University in Sükhbaatar, Ulaanbaatar, Mongolia

Mongolian National University of Education (MNUE; Mongolian: Монгол Улсын Боловсролын Их Сургууль) is a public university located in Sükhbaatar District, Ulaanbaatar, Mongolia. The university was established in 1951.

== History ==
Mongolian National University of Education was established in 1951 as a platform to prepare secondary education teachers. Currently the university has 12 branch education studies schools. The 1990 democratization of Mongolia is considered as a significant turning point in the history of the college.

== Structure ==
The university is accredited by Mongolian National Council for Education Accreditation and by ASIIN in 2018 and by ACQUIN 2021 and 2024. There are 9 schools, 42 departments, 11 research centers, and 35 labs. The university offers both undergraduate and postgraduate courses. The university has 13,500 students and 900 faculty and staff.
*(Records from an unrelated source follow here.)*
(* Fix $p\in(\tfrac12,1)$. For each $n$ and $B\in\{1,\dots,n\}$ let $\theta(B,n)$ be the correctness index of the crowdfunding game $\Gamma(B,n)$ (defined in the context). Then $$\lim_{n\to\infty}\ \max_{B\in\{1,\dots,n\}}\theta(B,n)=\frac{3p-1}{2p}\ (<1).$$
   Context: The crowdfunding game $\Gamma(B,n)$ with parameter $p\in(\tfrac12,1)$: there are $n$ players and a threshold $B\in\{1,\dots,n\}$. A state $\omega\in\{H,L\}$ is drawn with probability $\tfrac12$ each. Conditional on $\omega$, each player $i$ independently receives a signal $s_i\in\{H,L\}$ with $\Pr(s_i=\omega\mid\omega)=p$. Players simultaneously choose $a_i\in\{0,1\}$. Player $i$'s payoff is $1$ if $a_i=1$, $\sum_j a_j\ge B$ and $\omega=H$; $-1$ if $a_i=1$, $\sum_j a_j\ge B$ and $\omega=L$; and $0$ otherwise. A strategy is a map $\sigma_i:\{H,L\}\to[0,1]$ giving the probability of action $1$ after each signal; Bayes-Nash equilibrium is defined as usual. A profile is non-trivial if $\Pr_\sigma(\sum_i a_i\ge B)>0$, and symmetric if all players use the same strategy. It is known that each $\Gamma(B,n)$ has a unique symmetric non-trivial Bayes-Nash equilibrium $\sigma$. The correctness index is $\theta(B,n)=\tfrac12\Pr_\sigma(\sum_{i}a_i\ge B\mid\omega=H)+\tfrac12\Pr_\sigma(\sum_i a_i<B\mid\omega=L)$, computed under this unique equilibrium $\sigma$. *)

From HB Require Import structures.
From mathcomp Require Import all_boot all_order all_algebra.
From mathcomp Require Import all_classical all_reals all_analysis.
From Stdlib Require Import ClassicalEpsilon.

Set Implicit Arguments.
Unset Strict Implicit.
Unset Printing Implicit Defensive.

Import Order.TTheory GRing.Theory Num.Theory.
Local Open Scope ring_scope.

(* Conventions: states and signals are booleans, true = H, false = L.
   Actions are booleans, true = action 1 (contribute).
   A strategy is a map bool -> R (probability of action 1 after each signal). *)

Section Crowdfunding.
Variables (R : realType) (p : R) (B n : nat).

Definition strategy_ok (tau : bool -> R) : Prop :=
  forall s : bool, 0 <= tau s <= 1.

Definition profile := 'I_n -> bool -> R.

Definition profile_ok (sigma : profile) : Prop :=
  forall i, strategy_ok (sigma i).

Definition sig_prob (omega s : bool) : R := if s == omega then p else 1 - p.

Definition act_prob (q : R) (a : bool) : R := if a then q else 1 - q.

Definition weight (sigma : profile) (omega : bool)
    (s a : {ffun 'I_n -> bool}) : R :=
  (1 / 2) * (\prod_i sig_prob omega (s i))
          * (\prod_i act_prob (sigma i (s i)) (a i)).

Definition funded (a : {ffun 'I_n -> bool}) : bool :=
  (B <= \sum_i (a i : nat))%N.

Definition payoff (i : 'I_n) (omega : bool) (a : {ffun 'I_n -> bool}) : R :=
  if a i && funded a then (if omega then 1 else -1) else 0.

Definition expect (sigma : profile)
    (f : bool -> {ffun 'I_n -> bool} -> {ffun 'I_n -> bool} -> R) : R :=
  \sum_(omega : bool) \sum_(s : {ffun 'I_n -> bool})
     \sum_(a : {ffun 'I_n -> bool}) weight sigma omega s a * f omega s a.

Definition exp_payoff (sigma : profile) (i : 'I_n) : R :=
  expect sigma (fun omega _ a => payoff i omega a).

Definition deviate (sigma : profile) (i : 'I_n) (tau : bool -> R) : profile :=
  fun j => if j == i then tau else sigma j.

Definition is_BNE (sigma : profile) : Prop :=
  profile_ok sigma /\
  forall (i : 'I_n) (tau : bool -> R), strategy_ok tau ->
    exp_payoff (deviate sigma i tau) i <= exp_payoff sigma i.

Definition nontrivial (sigma : profile) : Prop :=
  0 < expect sigma (fun _ _ a => if funded a then 1 else 0).

Definition symmetric_profile (tau : bool -> R) : profile := fun _ => tau.

Definition is_sym_nontrivial_BNE (tau : bool -> R) : Prop :=
  is_BNE (symmetric_profile tau) /\ nontrivial (symmetric_profile tau).

(* theta under a given profile:
   1/2 Pr(funded | H) + 1/2 Pr(not funded | L)
   = Pr(omega = H and funded) + Pr(omega = L and not funded). *)
Definition theta_of (sigma : profile) : R :=
  expect sigma (fun omega _ a =>
    if omega then (if funded a then 1 else 0)
    else (if funded a then 0 else 1)).

Definition inhabited_strategy : inhabited (bool -> R) := inhabits (fun _ => 0).

(* The (unique, by the known result) symmetric non-trivial BNE. *)
Definition the_equilibrium : bool -> R :=
  epsilon inhabited_strategy is_sym_nontrivial_BNE.

Definition theta : R := theta_of (symmetric_profile the_equilibrium).

End Crowdfunding.

(* max_{B in {1..n}} theta(B, n); equals 0 for n = 0 (irrelevant for the limit). *)
Definition max_theta (R : realType) (p : R) (n : nat) : R :=
  \big[Num.max/0]_(1 <= B < n.+1) theta p B n.
Definition part_set x := match x with PA => A | PB i => B i | PC i => C i | PF => F end.

Hypothesis e_sym : symmetric e.
Hypothesis part_set_partition : forall v, count (fun x => v \in part_set x) parts = 1.
Hypotheses (A_clique : is_clique e A) (F_clique : is_clique e F).
Hypotheses (B_clique : forall i, is_clique e (B i)) (C_clique : forall i, is_clique e (C i)).
Hypotheses (B_nonempty : forall i, B i != set0) (C_nonempty : forall i, C i != set0).
Hypothesis B_B : forall i j, i != j -> anticomplete e (B i) (B j).
Hypothesis C_C : forall i j, i != j -> complete e (C i) (C j).
Hypothesis A_B : forall i, i != ist -> complete e A (B i).
Hypothesis A_C : forall i, anticomplete e A (C i).
Hypothesis B_C : forall i, complete e (B i) (C i).
Hypothesis B_C' : forall i j, i != j -> anticomplete e (B i) (C j).
Hypothesis F_compl : complete e F (~: (B js :|: C js :|: F)).
Hypothesis F_anti : anticomplete e F (B js :|: C js).
Hypotheses (a1_A : a1 \in A) (a1_B : B ist \subset nbhd e a1).
Hypothesis A_nested : {in A &, forall a a',
  (nbhd e a :&: B ist \subset nbhd e a' :&: B ist) \/
  (nbhd e a' :&: B ist \subset nbhd e a :&: B ist)}.

Definition part_of v := head PF [seq x <- parts | v \in part_set x].

(* [a1], the first vertex of the ordering of A, is complete to B_{i*}. *)
Definition part_rep x := if x == PA then a1 else odflt a1 [pick v in part_set x].

Lemma mem_part_set v x : (v \in part_set x) = (part_of v == x).
Proof.
have := part_set_partition v; rewrite -size_filter /part_of.
case: [seq y <- parts | _] (mem_filter (fun y => v \in part_set y) x parts) => [|y []] //=.
by rewrite mem_parts andbT inE eq_sym => <-.
Qed.

Lemma mem_A v : (v \in A) = (part_of v == PA). Proof. exact: mem_part_set v PA. Qed.
Lemma mem_B v i : (v \in B i) = (part_of v == PB i). Proof. exact: mem_part_set v (PB i). Qed.
Lemma mem_C v i : (v \in C i) = (part_of v == PC i). Proof. exact: mem_part_set v (PC i). Qed.
Lemma mem_F v : (v \in F) = (part_of v == PF). Proof. exact: mem_part_set v PF. Qed.

Lemma part_ofP v : v \in part_set (part_of v).
Proof. by rewrite mem_part_set. Qed.

Lemma part_of_rep x : x != PF -> part_of (part_rep x) = x.
Proof.
move=> xF; apply/eqP; rewrite -mem_part_set /part_rep.
case: eqP => [-> // | _]; case: pickP => // none.
by case: x xF none => [|i|i|] //= _ none;
  [case/set0Pn: (B_nonempty i) | case/set0Pn: (C_nonempty i)] => v; rewrite none.
Qed.

Lemma F_adj u v : u \in F -> part_of v != PF -> e u v = basket_adj js PF (part_of v).
Proof.
move=> uF vF; have [vjs | vnjs] := boolP (v \in B js :|: C js).
  rewrite (negbTE (F_anti uF vjs)); move: vjs.
  by rewrite inE mem_B mem_C => /orP[] /eqP -> /=; rewrite eqxx.
rewrite (F_compl uF); last by rewrite in_setC in_setU negb_or vnjs mem_F.
move: vnjs; rewrite inE mem_B mem_C; case: (part_of v) vF => [|i|i|] //= _.
all: by rewrite /eq_op /= ?orbF => ->.
Qed.

Definition part_rank x := match x with PA => 0 | PB _ => 1 | PC _ => 2 | PF => 3 end.

Lemma part_of_adj u v : u != v -> ~~ free_pair ist (part_of u) (part_of v) ->
  e u v = basket_adj js (part_of u) (part_of v).
Proof.
wlog le_uv : u v / part_rank (part_of u) <= part_rank (part_of v).
  move=> wlog_uv uv nfree.
  have [le | /ltnW le] := leqP (part_rank (part_of u)) (part_rank (part_of v)).
    exact: wlog_uv.
  by rewrite e_sym basket_adj_sym wlog_uv // 1?eq_sym // free_pair_sym.
move=> uv nfree; have := part_ofP u; have := part_ofP v.
case Ev: (part_of v) le_uv nfree => [|j|j|];
  case Eu: (part_of u) => [|i|i|] //= _ nfree hv hu.
all: try by rewrite e_sym F_adj ?Eu.
- exact: (A_clique hu hv uv).
- have j_ist : j != ist by move: nfree; rewrite /free_pair /= orbF.
  exact: (A_B j_ist hu hv).
- case: (eqVneq i j) hv => [<- | ij] hv;
    [exact: (B_clique hu hv uv) | exact/negbTE/(B_B ij hu hv)].
- exact/negbTE/(A_C hu hv).
- case: (eqVneq i j) hv => [<- | ij] hv; [exact: (B_C hu hv) | exact/negbTE/(B_C' ij hu hv)].
- case: (eqVneq i j) hv => [<- | ij] hv;
    [exact: (C_clique hu hv uv) | exact: (C_C ij hu hv)].
- exact: (F_clique hu hv uv).
Qed.

Lemma part_of_chain a a' b b' :
  AB_pair ist (part_of a) (part_of b) -> AB_pair ist (part_of a') (part_of b') ->
  e a b -> e a' b' -> e a b' || e a' b.
Proof.
move=> /AB_pairP[aA bB] /AB_pairP[a'A b'B] eab ea'b'.
have inA x : part_of x = PA -> x \in A by rewrite mem_A => ->.
have inB x : part_of x = PB ist -> x \in B ist by rewrite mem_B => ->.
have [sub | sub] := A_nested (inA a aA) (inA a' a'A).
  have := subsetP sub b; rewrite /nbhd !inE eab inB //.
  by move=> /(_ isT) /andP[-> _]; rewrite orbT.
by have := subsetP sub b'; rewrite /nbhd !inE ea'b' inB // => /(_ isT) /andP[-> _].
Qed.

Lemma part_rep_A_B b : part_of b = PB ist -> e (part_rep PA) b.
Proof. by move=> /eqP; rewrite -mem_B => /(subsetP a1_B); rewrite /nbhd inE. Qed.

Lemma part_of_labeling : basket_labeling e ist js part_of part_rep.
Proof.
by split; [exact: part_of_adj | exact: part_of_chain | exact: part_of_rep | exact: part_rep_A_B].
Qed.

End FiveBasketLabeling.

Lemma pairwise_mem_total (X : eqType) (r : rel X) (s : seq X) x y :
  pairwise r s -> x \in s -> y \in s -> [\/ x = y, r x y | r y x].
Proof.
elim: s => // z s IHs; rewrite pairwise_cons => /andP[/allP r_z r_s].
rewrite !inE => /predU1P[-> | xs] /predU1P[-> | ys]; first by constructor 1.
- by constructor 2; apply: r_z.
- by constructor 3; apply: r_z.
- exact: IHs.
Qed.

Lemma five_basket_labeling (T : finType) (e : rel T) :
  symmetric e -> five_basket e -> exists ist js lab rep, basket_labeling e ist js lab rep.
Proof.
move=> e_sym [A [B [C [F [partition [[_ A_clique] [B_ok [C_ok [F_clique [B_B [C_C
  [[ist [A_B [s [_ s_A s_nested s_head]]]] [A_C [B_C [B_C' [js [F_compl F_anti]]]]]]]]]]]]]]]]].
case: s s_A s_nested s_head => [// | a1 s] s_A s_nested s_head.
exists ist, js, (part_of A F B C), (part_rep A F B C a1).
have o1E : inord 1 = o1 by apply: val_inj; rewrite /= inordK.
have o2E : inord 2 = o2 by apply: val_inj; rewrite /= inordK.
apply: part_of_labeling => //.
- by move=> v; rewrite -(partition v) o1E o2E.
- by move=> i; case: (B_ok i).
- by move=> i; case: (C_ok i).
- by move=> i; case: (B_ok i).
- by move=> i; case: (C_ok i).
- by rewrite -s_A inE eqxx.
- by rewrite -s_head subsetIl.
move=> a a'; rewrite -!s_A => as_ a's.
by case: (pairwise_mem_total s_nested as_ a's) => [-> | ? | ?]; [left | right | left].
Qed.

Theorem proposition5p2 (T : finType) (e : rel T) :
  simple_graph e -> five_basket e ->
  (~ has_induced e twoP3 /\
   ~ has_induced e (cycle_rel 4) /\
   ~ has_induced e (cycle_rel 6) /\
   ~ has_induced e (cycle_rel 7) /\
   ~ has_induced e T0) /\
  has_induced e pentagon3 /\
  anticonnected e /\
  (forall v, ~ simplicial e v) /\
  (forall v, ~ universal e v).
Proof.
move=> [e_sym e_irr] /(five_basket_labeling e_sym) [ist [js [lab [rep labP]]]].
have not_induced k (f : rel 'I_k.+1) : ~~ labelable ist js f -> ~ has_induced e f.
  by move=> /negP not_lab /(labelable_of_induced labP).
have [no2P3 noC4 noC6 noC7 noT0] := forbidden_not_labelable ist js.
split; first by split; [|split; [|split; [|split]]]; apply: not_induced;
  [exact: no2P3 | exact: noC4 | exact: noC6 | exact: noC7 | exact: noT0].
split; first exact: induced_pentagon3 e_sym e_irr labP.
split; first exact: anticonnected_of_labeling e_sym labP.
by split; [exact: not_simplicial e_sym labP | exact: not_universal e_sym labP].
Qed.
(* Let $\mathcal{C}$ be a component of class $i$ (at an upper layer $l$) which has $\Omega(k)$ pairwise internally vertex-disjoint long connector paths. Then for every maximal matching $M$ in $\mathcal{H}_i$, the edges $\{v_{\mathcal{C}},w_{\mathcal{C}}\}$ of $M$ lying in $\mathcal{H}_i[\mathcal{C}]$ correspond (via their vertices $v,w$) to $\Omega(k)$ pairwise internally vertex-disjoint long connector paths for $\mathcal{C}$.
   Context: $G=(V,E)$ is a finite undirected graph with vertex connectivity $k$. Fix an integer $L$. The virtual graph $\mathcal{G}$ contains $3L$ copies of each $v\in V$: each lower layer $1,\dots,L$ contains one copy of every node; each upper layer $L+1,\dots,2L$ contains a type-1 copy and a type-2 copy of every node. Every copy of $v$ is adjacent to all other copies of $v$ and to all copies of each neighbor of $v$ in $G$. $\Psi$ maps virtual nodes to real nodes. There are classes $1,\dots,t$. For a fixed upper layer $l$, nodes of layers $1,\dots,l-1$ are old nodes, each assigned a class; a component of class $i$ is a connected component of the subgraph induced by old nodes of class $i$. A long connector path for $\mathcal{C}$ is a path $(s,v,w,u)$ with $s\in\mathcal{C}$, $u$ in a component $\mathcal{C}'\neq\mathcal{C}$ of class $i$ with $\Psi(\mathcal{C})\cap\Psi(\mathcal{C}')=\emptyset$, $v$ a type-2 and $w$ a type-1 node of layer $l$, $v$ having no neighbor in any component of class $i$ other than $\mathcal{C}$ and $w$ having no neighbor in $\mathcal{C}$; its internal vertices are $v,w$, and paths are internally vertex-disjoint if their sets of internal vertices are pairwise disjoint. The helper graph $\mathcal{H}_i[\mathcal{C}]$: for each type-2 node $v$ of layer $l$, a node $v_{\mathcal{C}}$ is added iff $\Psi(v)\notin\Psi(\mathcal{C})$, $v$ has a neighbor in $\mathcal{C}$, and $v$ has no neighbor in another component of class $i$; for each such $v_{\mathcal{C}}$ and each type-1 neighbor $w$ of $v$ on layer $l$ that has a neighbor in some component $\mathcal{C}'\neq\mathcal{C}$ of class $i$ but no neighbor in $\mathcal{C}$, a node $w_{\mathcal{C}}$ and the edge $\{v_{\mathcal{C}},w_{\mathcal{C}}\}$ are added. $\mathcal{H}_i$ is the disjoint union of the $\mathcal{H}_i[\mathcal{C}]$ over all components $\mathcal{C}$ of class $i$. *)

From mathcomp Require Import all_boot all_order all_algebra.
Set Implicit Arguments. Unset Strict Implicit. Unset Printing Implicit Defensive.
Import Order.TTheory GRing.Theory Num.Theory.

(* Virtual nodes: [inl (v, j)] is the copy of v on lower layer j+1 (j < L);
   [inr (v, j, b)] is the copy of v on upper layer L+j+1, of type 2 if b = true,
   of type 1 if b = false. *)
Notation VT T L := ((T * 'I_L) + (T * 'I_L * bool))%type.

Definition separating (T : finType) (e : rel T) (S : {set T}) : bool :=
  (#|~: S| <= 1)%N ||
  ~~ [forall x in ~: S, forall y in ~: S,
        connect [rel a b | [&& e a b, a \notin S & b \notin S]] x y].

Definition vconn (T : finType) (e : rel T) : nat :=
  \big[minn/#|T|]_(S : {set T} | separating e S) #|S|.

Section Virtual.
Variables (T : finType) (e : rel T) (L : nat).

Definition psi (x : VT T L) : T :=
  match x with inl (v, _) => v | inr (v, _, _) => v end.

Definition vadj : rel (VT T L) :=
  fun x y => (x != y) && ((psi x == psi y) || e (psi x) (psi y)).

Variables (t : nat) (cls : VT T L -> 'I_t) (i : 'I_t) (l : 'I_L).
(* the fixed upper layer is layer L + l + 1 *)

Definition old (x : VT T L) : bool :=
  match x with inl _ => true | inr (_, j, _) => (j < l)%N end.

Definition type1_at (x : VT T L) : bool :=
  match x with inr (_, j, b) => (j == l) && ~~ b | _ => false end.
Definition type2_at (x : VT T L) : bool :=
  match x with inr (_, j, b) => (j == l) && b | _ => false end.

Definition inS (x : VT T L) : bool := old x && (cls x == i).
Definition crel : rel (VT T L) := fun x y => [&& vadj x y, inS x & inS y].

Definition is_comp (C : {set VT T L}) : bool :=
  [exists x in C, inS x && (C == [set y | connect crel x y])].

Definition other_comp (C C' : {set VT T L}) : bool := is_comp C' && (C' != C).
Definition no_nbr_in (x : VT T L) (C : {set VT T L}) : bool :=
  [forall y in C, ~~ vadj x y].
Definition has_nbr_in (x : VT T L) (C : {set VT T L}) : bool :=
  [exists y in C, vadj x y].

Definition long_connector (C : {set VT T L})
    (p : VT T L * VT T L * VT T L * VT T L) : bool :=
  let '(s, v, w, u) := p in
  [&& s \in C,
      [exists C' : {set VT T L},
         [&& other_comp C C', u \in C' & [disjoint psi @: C & psi @: C']]],
      type2_at v, type1_at w,
      [forall C' : {set VT T L}, other_comp C C' ==> no_nbr_in v C'],
      no_nbr_in w C,
      vadj s v, vadj v w & vadj w u].
(* For each $\alpha\in\mathbb Z$, the generic locus of the connected component $\mathrm{Bun}^\alpha_{\mathcal G'}$ consists of exactly one element, namely the bundle labelled by the pair $(\tilde w_1^\alpha,\mathring g)$.
   Context: $k$ finite field, $G=\mathrm{GL}_n$, $X=\mathbb P^1$ with coordinate $s$ at $\infty$, $t=s^{-1}$ at $0$. $\mathcal G'$ is the group scheme over $X$ with generic fibre $\mathrm{GL}_n$ and $\mathcal G'(\mathcal O_0)=I^{\mathrm{opp}}$ (preimage of lower triangular matrices in $\mathrm{GL}_n(k[[t]])$), $\mathcal G'(\mathcal O_1)=\mathtt Q$ (preimage of the mirabolic $Q$ = matrices with last row $(0,\dots,0,1)$), $\mathcal G'(\mathcal O_\infty)=I$ (preimage of upper triangular matrices in $\mathrm{GL}_n(k[[s]])$), and $\mathrm{GL}_n(\mathcal O_x)$ elsewhere. Its components $\mathrm{Bun}^\alpha_{\mathcal G'}$ are indexed by the degree $\alpha$ of the underlying vector bundle; the generic locus of a component is the open substack of bundles whose automorphism group has minimal dimension. Bundles are labelled by pairs $(\tilde w,g)$ with $\tilde w\in\widetilde W$ (monomial matrices $w\,\mathrm{diag}(s^{\lambda_i})$) giving the Birkhoff cell $I^-\tilde wI$ of the bundle with levels at $0,\infty$ only (here $I^-=\{g\in\mathrm{GL}_n(k[s^{-1}]):g|_{s^{-1}=0}\text{ lower triangular}\}$), and $g\in\mathrm{GL}_n/Q$ the level at $1$. $\Omega=\{\tilde w\in\widetilde W:\tilde wI\tilde w^{-1}=I\}$, and $\tilde w_1\in\Omega$ is the element with $\mathrm{ord}_s\det\tilde w_1=1$ ($\mathrm{ord}\circ\det:\Omega\to\mathbb Z$ is an isomorphism). $w_1$ is the permutation matrix of $(1\,n)$ and $\mathring g=\exp(\sum_{j=2}^nE_{1j})w_1Q\in\mathrm{GL}_n/Q$. *)

From mathcomp Require Import all_boot all_order fingroup perm all_algebra.
Set Implicit Arguments. Unset Strict Implicit. Unset Printing Implicit Defensive.
Import GRing.Theory Num.Theory.
Local Open Scope ring_scope.

(* An element (sigma, lambda) stands for the monomial matrix                 *)
(*     w~ = w * diag(s^lambda_1, ..., s^lambda_n),                           *)
(* where w is the permutation matrix with w_{a b} = [a = sigma b]; so        *)
(*     w~_{a b} = [a = sigma b] * s^(lambda b).                              *)
Record affW (n : nat) := AffW { aw_perm : 'S_n ; aw_exp : {ffun 'I_n -> int} }.

(* matrix product: (sigma,lambda)(tau,mu) = (sigma o tau, lambda o tau + mu);
   note (p * q) x = q (p x) for mathcomp permutations. *)
Definition aw_mul n (x y : affW n) : affW n :=
  AffW (aw_perm y * aw_perm x)%g
       [ffun b => aw_exp x (aw_perm y b) + aw_exp y b].
Definition aw_one n : affW n := AffW 1 [ffun => 0].
Definition aw_inv n (x : affW n) : affW n :=
  AffW ((aw_perm x)^-1)%g [ffun b => - aw_exp x (((aw_perm x)^-1)%g b)].
Definition aw_pow n (x : affW n) (a : int) : affW n :=
  match a with
  | Posz m => iter m (aw_mul x) (aw_one n)
  | Negz m => iter m.+1 (aw_mul (aw_inv x)) (aw_one n)
  end.

(* ord_s det w~ (det w~ = +- s^(sum lambda)); this is also the degree of the
   underlying vector bundle, indexing the components Bun^alpha. *)
Definition ord_det n (x : affW n) : int := \sum_i aw_exp x i.

(* The generator w~_1 of Omega: sigma(i) = i - 1 mod n, lambda = e_1.
   One checks w~ I w~^-1 = I: conjugation sends entry (c,d) to
   (sigma c, sigma d) with valuation shifted by lambda c - lambda d, and
   lambda c - lambda d + [c > d] = [sigma c > sigma d] for all c, d. *)
Definition w1tilde n : affW n :=
  AffW (perm (@ord_pred_inj n))
       [ffun i : 'I_n => if val i == 0%N then 1 else 0].
Theorem mainTheorem6 (r a b : nat)
  (hr : (1 < r)%N) (ha0 : (0 < a)%N) (har : (a < r)%N) (hcop : coprime r a)
  (hb : (a * b = 1 %[mod r])%N) :
  (exists R : nat -> divisor r, R_spec a R) /\
  (forall R : nat -> divisor r, R_spec a R ->
     R 1%N = DX r b - E1 r /\
     R 1%N = \sum_(i < r.+1) dscale (e1p r b i) (Dd r i)).
Proof.
have b'_lt : (b %% r < r)%N by rewrite ltn_pmod // ltnW.
have ab'E : (a * (b %% r) %% r = 1)%N by rewrite modnMmr hb modn_small.
split; first by eexists; exact: (R_spec_cycle_sum _ _ _ hr ha0 har b'_lt ab'E).
move=> R RS; have := R_spec_R1 _ _ _ hr ha0 har b'_lt ab'E R RS.
under eq_bigr => i _ do rewrite e1p_modn.
by move=> R1E; rewrite /DX addrAC subrr add0r; split.
Qed.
== International collaboration ==
The university is a member of the University of the Arctic. UArctic is an international cooperative network based in the Circumpolar Arctic region, consisting of more than 200 universities, colleges, and other organizations with an interest in promoting education and research in the Arctic region. ERASMUS with The Eugeniusz Geppert Academy of Art and Design in Wroclaw from 2024.